-- Source data --

Theorem mainTheorem1
  (R : realType) (V : lmodType R[i]) (ip : V -> V -> R[i])
  (d : nat) (F : 'I_d.+1 -> 'I_d.+1 -> op V) (Sm : 'I_d.+1 -> 'I_d.+1 -> V -> V)
  (D Dt : V -> Prop) (C : op V) (delta b1 b2 : R) :
  is_hilbert ip ->
  (0 < d)%N ->
  (* (i) *)
  (forall i j, closed_op ip (F i j)) ->
  (* (ii) *)
  (forall i j, i != ord0 -> j != ord0 ->
     [/\ bounded ip (Sm i j), (forall u, dom (F i j) u) &
         forall u, app (F i j) u = Sm i j u - (if i == j then u else 0)]) ->
  (forall i j, i != ord0 -> j != ord0 -> forall u,
     \sum_(k < d.+1 | k != ord0) app (adj ip (tot (Sm k i))) (Sm k j u)
       = (if i == j then u else 0)) ->
  (forall i j, i != ord0 -> j != ord0 -> forall u,
     \sum_(k < d.+1 | k != ord0) Sm i k (app (adj ip (tot (Sm j k))) u)
       = (if i == j then u else 0)) ->
  (* (iii) *)
  subspace D -> dense ip D ->
  is_core ip D (F ord0 ord0) ->
  (forall i, i != ord0 -> is_core ip D (F i ord0) /\ is_core ip D (F ord0 i)) ->
  subspace Dt -> dense ip Dt ->
  is_core ip Dt (adj ip (F ord0 ord0)) ->
  (forall i, i != ord0 ->
     is_core ip Dt (adj ip (F i ord0)) /\ is_core ip Dt (adj ip (F ord0 i))) ->
  (* (iv) *)
  (forall i, i != ord0 ->
     [/\ subsetV (fun u => D u \/ Dt u) (dom (adj ip (F ord0 i))),
         subsetV (fun u => D u \/ Dt u) (dom (F i ord0)) &
         subsetV (dom (F ord0 ord0)) (dom (F ord0 i))]) ->
  (* (v) *)
  (forall k i, k != ord0 -> i != ord0 -> forall u,
     dom (F ord0 ord0) u -> dom (adj ip (F k ord0)) (Sm k i u)) ->
  (* (vi) *)
  contraction_generator ip (F ord0 ord0) ->
  contraction_generator ip (adj ip (F ord0 ord0)) ->
  (forall u, D u ->
     2 * complex.Re (ip (app (F ord0 ord0) u) u)
       = - \sum_(k < d.+1 | k != ord0) hnorm ip (app (F k ord0) u) ^+ 2) ->
  (forall v, Dt v ->
     2 * complex.Re (ip (app (adj ip (F ord0 ord0)) v) v)
       = - \sum_(k < d.+1 | k != ord0) hnorm ip (app (adj ip (F ord0 k)) v) ^+ 2) ->
  (* (vii) *)
  (forall i, i != ord0 -> forall u, D u \/ Dt u ->
     app (adj ip (F ord0 i)) u
       = - \sum_(k < d.+1 | k != ord0) app (adj ip (tot (Sm k i))) (app (F k ord0) u)) ->
  (* (viii) *)
  pos_self_adjoint ip C -> 0 < delta -> 0 <= b1 -> 0 <= b2 ->
  (exists B, is_sqrt ip B C /\
     subsetV (dom B) (fun u => forall i j, dom (F i j) u)) ->
  (forall eps : R, 0 < eps -> eps < delta ->
     exists (De : V -> Prop) (B : op V),
     [/\ subspace De /\ dense ip De, subsetV De Dt,
         is_sqrt ip B (Ceps C eps),
         (forall v, De v -> Dt (app B v)) &
         forall i j, exists M : R, forall v, De v ->
           hnorm ip (app (adj ip (F i j)) (app B v)) <= M * hnorm ip v]) ->
  (forall eps : R, 0 < eps -> eps < delta -> forall u : 'I_d.+1 -> V,
     (forall i i' j', dom (F i' j') (u i)) ->
     \sum_(i < d.+1) \sum_(j < d.+1)
        (ip (u i) (app (Ceps C eps) (app (F i j) (u j)))
         + ip (app (F j i) (u i)) (app (Ceps C eps) (u j))
         + \sum_(k < d.+1 | k != ord0)
             ip (app (F k i) (u i)) (app (Ceps C eps) (app (F k j) (u j))))
     <= \sum_(i < d.+1)
          (b1%:C * ip (u i) (app (Ceps C eps) (u i)) + (b2 * hnorm ip (u i) ^+ 2)%:C)) ->
  [/\
   (* (1) *)
   (forall k, k != ord0 ->
      subsetV (fun u => dom (F ord0 ord0) u \/ dom (adj ip (F ord0 ord0)) u)
              (dom (F k ord0)) /\
      subsetV (fun u => dom (F ord0 ord0) u \/ dom (adj ip (F ord0 ord0)) u)
              (dom (adj ip (F ord0 k)))),
   (* (2) *)
   [/\ (forall u, (forall i j, dom (F i j) u) <-> dom (F ord0 ord0) u),
       (forall u, dom (F ord0 ord0) u ->
          2 * complex.Re (ip (app (F ord0 ord0) u) u)
            = - \sum_(k < d.+1 | k != ord0) hnorm ip (app (F k ord0) u) ^+ 2) &
       (forall v, dom (adj ip (F ord0 ord0)) v ->
          2 * complex.Re (ip (app (adj ip (F ord0 ord0)) v) v)
            = - \sum_(k < d.+1 | k != ord0) hnorm ip (app (adj ip (F ord0 k)) v) ^+ 2)],
   (* (3) *)
   (forall u i, dom (F ord0 ord0) u \/ dom (adj ip (F ord0 ord0)) u -> i != ord0 ->
      app (adj ip (F ord0 i)) u
        = - \sum_(k < d.+1 | k != ord0) app (adj ip (tot (Sm k i))) (app (F k ord0) u)
      /\ app (F i ord0) u
        = - \sum_(k < d.+1 | k != ord0) Sm i k (app (adj ip (F ord0 k)) u)),
   (* (4) *)
   (forall u i, dom (F ord0 ord0) u -> i != ord0 ->
      app (F ord0 i) u
        = - \sum_(k < d.+1 | k != ord0) app (adj ip (F k ord0)) (Sm k i u)) &
   (* (5) *)
   (forall u v : 'I_d.+1 -> V,
      (forall i i' j', dom (F i' j') (u i)) -> (forall i, Dt (v i)) ->
      \sum_(i < d.+1) \sum_(j < d.+1)
        (ip (u i) (app (F i j) (u j)) + ip (app (F j i) (u i)) (u j)
         + \sum_(k < d.+1 | k != ord0) ip (app (F k i) (u i)) (app (F k j) (u j))) = 0
      /\
      \sum_(i < d.+1) \sum_(j < d.+1)
        (ip (v i) (app (adj ip (F j i)) (v j)) + ip (app (adj ip (F i j)) (v i)) (v j)
         + \sum_(k < d.+1 | k != ord0)
             ip (app (adj ip (F i k)) (v i)) (app (adj ip (F j k)) (v j))) = 0)].
Proof.
move=> [ip_inner ip_complete _] _ *.
split.
- by move=> k k0; apply: (dom_R_Nadj ip_inner ip_complete (S := Sm) (D := D) (Dt := Dt)).
- split=> [u|u Ku|v Kv].
  + exact: (dom_F ip_inner ip_complete (S := Sm) (D := D) (Dt := Dt)).
  + exact: (K_dissipative_dom ip_inner ip_complete (S := Sm) (D := D) (Dt := Dt)).
  + exact: (Kadj_dissipative_dom ip_inner ip_complete (S := Sm) (D := D) (Dt := Dt)).
- move=> u i Ku i0; split.
  + exact: (Nadj_S_R_dom ip_inner ip_complete (S := Sm) (D := D) (Dt := Dt)).
  + exact: (R_S_Nadj_dom ip_inner ip_complete (S := Sm) (D := D) (Dt := Dt)).
- exact: (N_Radj_S ip_inner ip_complete (S := Sm) (D := D) (Dt := Dt)).
- move=> u v u_dom v_Dt; split.
  + exact: (block_form_F ip_inner ip_complete (S := Sm) (D := D) (Dt := Dt)).
  + exact: (block_form_Fadj ip_inner ip_complete (S := Sm) (D := D) (Dt := Dt)).
Qed.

-- Task objective --
After locating the line with "is_core ip Dt (adj ip (F ord0 ord0)) ->" in the material above, return it and each line after it exactly, ending at the line with "(forall v, Dt v ->".

-- Result for this exercise --
  is_core ip Dt (adj ip (F ord0 ord0)) ->
  (forall i, i != ord0 ->
     is_core ip Dt (adj ip (F i ord0)) /\ is_core ip Dt (adj ip (F ord0 i))) ->
  (* (iv) *)
  (forall i, i != ord0 ->
     [/\ subsetV (fun u => D u \/ Dt u) (dom (adj ip (F ord0 i))),
         subsetV (fun u => D u \/ Dt u) (dom (F i ord0)) &
         subsetV (dom (F ord0 ord0)) (dom (F ord0 i))]) ->
  (* (v) *)
  (forall k i, k != ord0 -> i != ord0 -> forall u,
     dom (F ord0 ord0) u -> dom (adj ip (F k ord0)) (Sm k i u)) ->
  (* (vi) *)
  contraction_generator ip (F ord0 ord0) ->
  contraction_generator ip (adj ip (F ord0 ord0)) ->
  (forall u, D u ->
     2 * complex.Re (ip (app (F ord0 ord0) u) u)
       = - \sum_(k < d.+1 | k != ord0) hnorm ip (app (F k ord0) u) ^+ 2) ->
  (forall v, Dt v ->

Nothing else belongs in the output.